__THE TASK__. Extract the lines from the first line of the records below through the line containing "- intros m.", inclusive, and reproduce them exactly as written.

===============

Lemma forward_bound g eps : 1 < cycle_ratio -> (forall k, Rabs (g k) <= eps) ->
  forall k, Rabs (forward_sol a (fun j => h * g j) k) <= h * eps * rsum k n / (cycle_ratio - 1).
Proof.
  intros Hq Hg. assert (eps0 : 0 <= eps) by (eapply Rle_trans; [apply Rabs_pos|apply (Hg 0%nat)]).
  set (C := h * eps / (cycle_ratio - 1)).
  assert (C0 : 0 <= C) by (unfold C; apply Rle_mult_inv_pos; [apply Rmult_le_pos|]; lra).
  assert (HC : C * (1 - cycle_ratio) + h * eps = 0) by (unfold C; field; lra).
  intros k. replace (h * eps * rsum k n / (cycle_ratio - 1)) with (C * rsum k n) by (unfold C; field; lra).
  induction k as [|k IH]; simpl.
  - rewrite Rabs_R0. apply Rmult_le_pos; [exact C0|apply rsum_nonneg].
  - eapply Rle_trans; [apply Rabs_triang|]. rewrite !Rabs_mult, (Rabs_pos_eq h h_nonneg).
    assert (step : Rabs (a k) * Rabs (forward_sol a (fun j => h * g j) k) <= Rabs (a k) * (C * rsum k n))
      by (apply Rmult_le_compat_l; [apply Rabs_pos|exact IH]).
    assert (Hgk : h * Rabs (g k) <= h * eps) by (apply Rmult_le_compat_l; auto).
    assert (shift := rsum_shift k).
    replace (Rabs (a k) * (C * rsum k n)) with (C * (Rabs (a k) * rsum k n)) in step by ring.
    rewrite shift in step. nra.
Qed.

Definition back_term (g : nat -> R) (k m : nat) : R := g (k + m)%nat * iprod k (S m).

Definition backward_sol (g : nat -> R) (k : nat) : R := - h * Series (back_term g k).

Lemma back_term_abs_le g eps k m : (forall j, Rabs (g j) <= eps) ->
  Rabs (back_term g k m) <= eps * rprod k (S m).
Proof.
  intros Hg. unfold back_term. rewrite Rabs_mult, iprod_abs.
  apply Rmult_le_compat_r; [left; apply rprod_pos|apply Hg].
Qed.

Lemma back_term_summable g eps k : cycle_ratio < 1 -> (forall j, Rabs (g j) <= eps) ->
  ex_series (fun m => Rabs (back_term g k m)).
Proof.
  intros Hq Hg. apply (@ex_series_le R_AbsRing R_CompleteNormedModule _ (fun m => eps * rprod k (S m))).
  - intros m. change (Rabs (Rabs (back_term g k m)) <= eps * rprod k (S m)).
    rewrite Rabs_Rabsolu. apply back_term_abs_le, Hg.
  - exact (@ex_series_scal_l R_AbsRing R_NormedModule eps _ (rprod_summable k Hq)).
Qed.

(* |u(k)| <= h eps sum_m 1/|a_k ... a_{k+m}| = h eps s_k(n)/(1-q). *)
Lemma backward_bound g eps k : cycle_ratio < 1 -> (forall j, Rabs (g j) <= eps) ->
  Rabs (backward_sol g k) <= h * eps * rsum k n / (1 - cycle_ratio).
Proof.
  intros Hq Hg. pose proof (back_term_summable g eps k Hq Hg) as Habs.
  unfold backward_sol. rewrite Rabs_mult, Rabs_Ropp, (Rabs_pos_eq h h_nonneg).
  replace (h * eps * rsum k n / (1 - cycle_ratio))
    with (h * (eps * Series (fun m => rprod k (S m)))) by (rewrite rprod_series by exact Hq; field; lra).
  apply Rmult_le_compat_l; [exact h_nonneg|].
  eapply Rle_trans; [apply Series_Rabs, Habs|]. rewrite <- Series_scal_l.
  apply Series_le; [|exact (@ex_series_scal_l R_AbsRing R_NormedModule eps _ (rprod_summable k Hq))].
  intros m. split; [apply Rabs_pos|apply back_term_abs_le, Hg].
Qed.

(* The backward series satisfies the recurrence, by splitting off its first term. *)
Lemma backward_solves g eps : cycle_ratio < 1 -> (forall j, Rabs (g j) <= eps) ->
  solves_rec a h g (backward_sol g).
Proof.
  intros Hq Hg k. assert (Hak := a_nz k).
  assert (E : Series (back_term g k) = / a k * (g k + Series (back_term g (S k)))).
  { rewrite Series_incr_1 by apply ex_series_Rabs, (back_term_summable g eps k Hq Hg).
    rewrite (Series_ext _ (fun m => / a k * back_term g (S k) m)).
    2: { intros m. unfold back_term. rewrite iprod_succ, Nat.add_succ_r. simpl. ring. }
    rewrite Series_scal_l. unfold back_term, iprod. simpl. rewrite !Nat.add_0_r. ring. }
  unfold backward_sol. rewrite E. field. exact Hak.
Qed.

Lemma bounded_solution g eps : cycle_ratio <> 1 -> (forall j, Rabs (g j) <= eps) ->
  exists u, solves_rec a h g u /\
    forall k, Rabs (u k) <= h * eps * rsum k n / Rabs (1 - cycle_ratio).
Proof.
  intros Hq Hg. destruct (Rlt_or_le cycle_ratio 1) as [Hlt|Hge].
  - exists (backward_sol g). split; [apply (backward_solves g eps Hlt Hg)|].
    intros k. rewrite (Rabs_pos_eq (1 - cycle_ratio)) by lra. apply backward_bound; auto.
  - exists (forward_sol a (fun j => h * g j)). split; [intros k; reflexivity|].
    intros k. rewrite (Rabs_minus_sym 1), (Rabs_pos_eq (cycle_ratio - 1)) by lra. apply forward_bound; auto; lra.
Qed.

(* The extremal defect for the start k0: zero before k0, and afterwards of
   modulus 1 with sign opposite to that of 1/(a_{k0} ... a_j). *)
Definition aligned_defect (k0 j : nat) : R :=
  if Nat.ltb j k0 then 0 else - sgn (iprod k0 (S (j - k0))).

Lemma aligned_defect_bound k0 j : Rabs (aligned_defect k0 j) <= 1.
Proof.
  unfold aligned_defect. destruct (Nat.ltb j k0).
  - rewrite Rabs_R0. lra.
  - rewrite Rabs_Ropp, sgn_abs. lra.
Qed.

Lemma aligned_defect_term k0 m :
  aligned_defect k0 (k0 + m) * iprod k0 (S m) = - rprod k0 (S m).
Proof.
  unfold aligned_defect. replace (Nat.ltb (k0 + m) k0) with false by (symmetry; apply Nat.ltb_ge; lia).
  replace (k0 + m - k0)%nat with m by lia. rewrite <- iprod_abs, <- sgn_mul. ring.
Qed.

Lemma aligned_telescoping k0 u : solves_rec a h (aligned_defect k0) u ->
  forall m, u (k0 + m)%nat * iprod k0 m = u k0 - h * rsum k0 m.
Proof.
  intros Hu m. induction m as [|m IH].
  - unfold iprod, rsum. simpl. rewrite Nat.add_0_r. ring.
  - rewrite Nat.add_succ_r, Hu.
    assert (Hprod : iprod k0 (S m) = iprod k0 m * / a (k0 + m)%nat) by reflexivity.
    assert (Hsum : rsum k0 (S m) = rsum k0 m + rprod k0 (S m)) by reflexivity.
    pose proof (aligned_defect_term k0 m) as Hterm.
    replace (u k0 - h * rsum k0 (S m)) with (u (k0 + m)%nat * iprod k0 m - h * rprod k0 (S m))
      by (rewrite Hsum, IH; ring).
    replace (rprod k0 (S m)) with (- (aligned_defect k0 (k0 + m) * iprod k0 (S m))) by lra.
    rewrite Hprod. field. apply a_nz.
Qed.

Lemma minimal_constant K' k0 : cycle_ratio < 1 ->
  (forall g, (forall j, Rabs (g j) <= 1) ->
     exists u, solves_rec a h g u /\ forall j, Rabs (u j) <= K') ->
  h * rsum k0 n / (1 - cycle_ratio) <= K'.
Proof.
  intros Hq HK. destruct (HK (aligned_defect k0) (aligned_defect_bound k0)) as [u [Hu Hb]].
  assert (Hm : forall m, h * rsum k0 (S m) <= K' + K' * rprod k0 (S m)).
  { intros m. pose proof (aligned_telescoping k0 u Hu (S m)) as E.
    assert (B : Rabs (u (k0 + S m)%nat * iprod k0 (S m)) <= K' * rprod k0 (S m)).
    { rewrite Rabs_mult, iprod_abs. apply Rmult_le_compat_r; [left; apply rprod_pos|apply Hb]. }
    pose proof (Rle_abs (u k0)). pose proof (Hb k0).
    pose proof (Rle_abs (- (u (k0 + S m)%nat * iprod k0 (S m)))). rewrite Rabs_Ropp in *. lra. }
  set (F := fun m => rprod k0 (S m)).
  replace (h * rsum k0 n / (1 - cycle_ratio)) with (h * Series F)
    by (unfold F; rewrite rprod_series by exact Hq; unfold Rdiv; ring).
  assert (Hsum : is_lim_seq (fun m => h * rsum k0 (S m)) (h * Series F)).
  { apply (is_lim_seq_ext (fun m => h * sum_n F m)); [intros m; rewrite sum_n_sumR; reflexivity|].
    apply (is_lim_seq_scal_l _ h (Series F)), Series_correct, rprod_summable, Hq. }
  assert (Htail : is_lim_seq (fun m => K' + K' * F m) (K' + K' * 0)).
  { apply is_lim_seq_plus'; [apply is_lim_seq_const|].
    apply (is_lim_seq_scal_l _ K' 0), ex_series_lim_0, rprod_summable, Hq. }
  pose proof (is_lim_seq_le _ _ _ _ Hm Hsum Htail) as Hle. simpl in Hle. lra.
Qed.

End PeriodicRecurrence.

Definition coef (h : R) (lam : nat -> R) (k : nat) : R := 1 + h * - lam k.

Lemma Lop_difference h lam f xi y k : h <> 0 ->
  (Lop h lam y k = f k <->
   xi (S k) - y (S k) = coef h lam k * (xi k - y k) + h * (Lop h lam xi k - f k)).
Proof.
  intros Hh.
  assert (E : coef h lam k * (xi k - y k) + h * (Lop h lam xi k - f k) - (xi (S k) - y (S k))
              = h * (Lop h lam y k - f k)) by (unfold coef, Lop, delta_h; field; exact Hh).
  split; intros H.
  - rewrite H, Rminus_eq_0, Rmult_0_r in E. lra.
  - assert (Hprod : h * (Lop h lam y k - f k) = 0) by lra.
    apply Rmult_integral in Hprod as [|]; lra.
Qed.

Lemma Lop_forward h lam F k : h <> 0 ->
  Lop h lam (forward_sol (coef h lam) (fun j => h * F j)) k = F k.
Proof. intros Hh. unfold Lop, delta_h, coef. simpl. field. exact Hh. Qed.

Lemma HUS_of_recurrence h lam f K : 0 < h -> 0 < K ->
  (forall eps g, 0 < eps -> (forall k, Rabs (g k) <= eps) ->
     exists u, solves_rec (coef h lam) h g u /\ forall k, Rabs (u k) <= K * eps) ->
  HUS h lam f K.
Proof.
  intros Hh HK Hrec. split; [exact HK|]. intros eps Heps xi Hxi.
  destruct (Hrec eps (fun k => Lop h lam xi k - f k) Heps Hxi) as [u [Hu Hb]].
  exists (fun k => xi k - u k). split.
  - intros k. apply (Lop_difference h lam f xi); [lra|].
    replace (xi (S k) - (xi (S k) - u (S k))) with (u (S k)) by ring.
    replace (xi k - (xi k - u k)) with (u k) by ring. apply Hu.
  - intros k. replace (xi k - (xi k - u k)) with (u k) by ring. apply Hb.
Qed.

Lemma recurrence_of_HUS h lam f K : 0 < h -> HUS h lam f K ->
  forall g, (forall j, Rabs (g j) <= 1) ->
  exists u, solves_rec (coef h lam) h g u /\ forall j, Rabs (u j) <= K.
Proof.
  intros Hh [_ HK] g Hg.
  set (xi := forward_sol (coef h lam) (fun j => h * (f j + g j))).
  assert (Hdef : forall j, Lop h lam xi j - f j = g j)
    by (intros j; unfold xi; rewrite Lop_forward by lra; ring).
  destruct (HK 1 Rlt_0_1 xi) as [y [Hy Hb]]; [intros j; rewrite Hdef; apply Hg|].
  exists (fun j => xi j - y j). split.
  - intros j. rewrite <- (Hdef j). apply Lop_difference; [lra|apply Hy].
  - intros j. rewrite <- (Rmult_1_r K). apply Hb.
Qed.

Lemma periodic_mod (F : nat -> R) n : (0 < n)%nat -> (forall k, F (k + n)%nat = F k) ->
  forall x, F (x mod n) = F x.
Proof.
  intros Hn Hper x. rewrite (Nat.div_mod_eq x n) at 2.
  generalize (x / n)%nat. intros m. induction m as [|m IH].
  - now rewrite Nat.mul_0_r.
  - replace (n * S m + x mod n)%nat with (n * m + x mod n + n)%nat by lia. rewrite Hper. exact IH.
Qed.

Lemma S_k_rsum h n lam k : (0 < n)%nat -> (forall k, lam (k + n)%nat = lam k) ->
  S_k h n (fun t => - lam t) k = rsum (coef h lam) k n.
Proof.
  intros Hn Hper. unfold S_k, rsum, rprod, coef.
  apply sumR_ext. intros j _. apply prodR_ext. intros i _.
  rewrite (periodic_mod lam n Hn Hper). reflexivity.
Qed.

(* Each s_k(n) is one of S_0(-lam), ..., S_{n-1}(-lam), hence below their maximum. *)
Lemma rsum_le_max h n lam k : (0 < n)%nat -> (forall k, lam (k + n)%nat = lam k) ->
  rsum (coef h lam) k n <= maxR n (S_k h n (fun t => - lam t)).
Proof.
  intros Hn Hper. rewrite <- S_k_rsum by auto.
  replace (S_k h n (fun t => - lam t) k) with (S_k h n (fun t => - lam t) (k mod n)).
  - apply maxR_ge, Nat.mod_upper_bound. lia.
  - unfold S_k. apply sumR_ext. intros j _. apply prodR_ext. intros i _.
    rewrite Nat.Div0.add_mod_idemp_l. reflexivity.
Qed.

Lemma K0_eq h n lam : Rabs (prodR n (coef h lam)) <> 0 -> Rabs (prodR n (coef h lam)) <> 1 ->
  K0 h n (fun t => - lam t)
  = h * maxR n (S_k h n (fun t => - lam t)) / Rabs (1 - cycle_ratio (coef h lam) n).
Proof.
  intros HP0 HP1. unfold K0, e_disc, cycle_ratio. fold (coef h lam).
  set (P := Rabs (prodR n (coef h lam))) in *.
  assert (HP : 0 < P) by (pose proof (Rabs_pos (prodR n (coef h lam))); unfold P in *; lra).
  replace (1 - / P) with ((1 - P) * / - P) by (field; lra).
  rewrite Rabs_mult, Rabs_inv, Rabs_Ropp, (Rabs_pos_eq P) by lra.
  assert (Rabs (1 - P) <> 0) by (apply Rabs_no_R0; lra). field. split; lra.
Qed.

Lemma coef_nz h lam k : 0 < h -> lam k <> 1 / h -> coef h lam k <> 0.
Proof.
  intros Hh Hlam E. apply Hlam. unfold coef in E.
  apply (Rmult_eq_reg_l h); [|lra]. field_simplify; lra.
Qed.

Section PeriodicEquation.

===============

__SOLVED PROBLEM__.
Lemma forward_bound g eps : 1 < cycle_ratio -> (forall k, Rabs (g k) <= eps) ->
  forall k, Rabs (forward_sol a (fun j => h * g j) k) <= h * eps * rsum k n / (cycle_ratio - 1).
Proof.
  intros Hq Hg. assert (eps0 : 0 <= eps) by (eapply Rle_trans; [apply Rabs_pos|apply (Hg 0%nat)]).
  set (C := h * eps / (cycle_ratio - 1)).
  assert (C0 : 0 <= C) by (unfold C; apply Rle_mult_inv_pos; [apply Rmult_le_pos|]; lra).
  assert (HC : C * (1 - cycle_ratio) + h * eps = 0) by (unfold C; field; lra).
  intros k. replace (h * eps * rsum k n / (cycle_ratio - 1)) with (C * rsum k n) by (unfold C; field; lra).
  induction k as [|k IH]; simpl.
  - rewrite Rabs_R0. apply Rmult_le_pos; [exact C0|apply rsum_nonneg].
  - eapply Rle_trans; [apply Rabs_triang|]. rewrite !Rabs_mult, (Rabs_pos_eq h h_nonneg).
    assert (step : Rabs (a k) * Rabs (forward_sol a (fun j => h * g j) k) <= Rabs (a k) * (C * rsum k n))
      by (apply Rmult_le_compat_l; [apply Rabs_pos|exact IH]).
    assert (Hgk : h * Rabs (g k) <= h * eps) by (apply Rmult_le_compat_l; auto).
    assert (shift := rsum_shift k).
    replace (Rabs (a k) * (C * rsum k n)) with (C * (Rabs (a k) * rsum k n)) in step by ring.
    rewrite shift in step. nra.
Qed.

Definition back_term (g : nat -> R) (k m : nat) : R := g (k + m)%nat * iprod k (S m).

Definition backward_sol (g : nat -> R) (k : nat) : R := - h * Series (back_term g k).

Lemma back_term_abs_le g eps k m : (forall j, Rabs (g j) <= eps) ->
  Rabs (back_term g k m) <= eps * rprod k (S m).
Proof.
  intros Hg. unfold back_term. rewrite Rabs_mult, iprod_abs.
  apply Rmult_le_compat_r; [left; apply rprod_pos|apply Hg].
Qed.

Lemma back_term_summable g eps k : cycle_ratio < 1 -> (forall j, Rabs (g j) <= eps) ->
  ex_series (fun m => Rabs (back_term g k m)).
Proof.
  intros Hq Hg. apply (@ex_series_le R_AbsRing R_CompleteNormedModule _ (fun m => eps * rprod k (S m))).
  - intros m. change (Rabs (Rabs (back_term g k m)) <= eps * rprod k (S m)).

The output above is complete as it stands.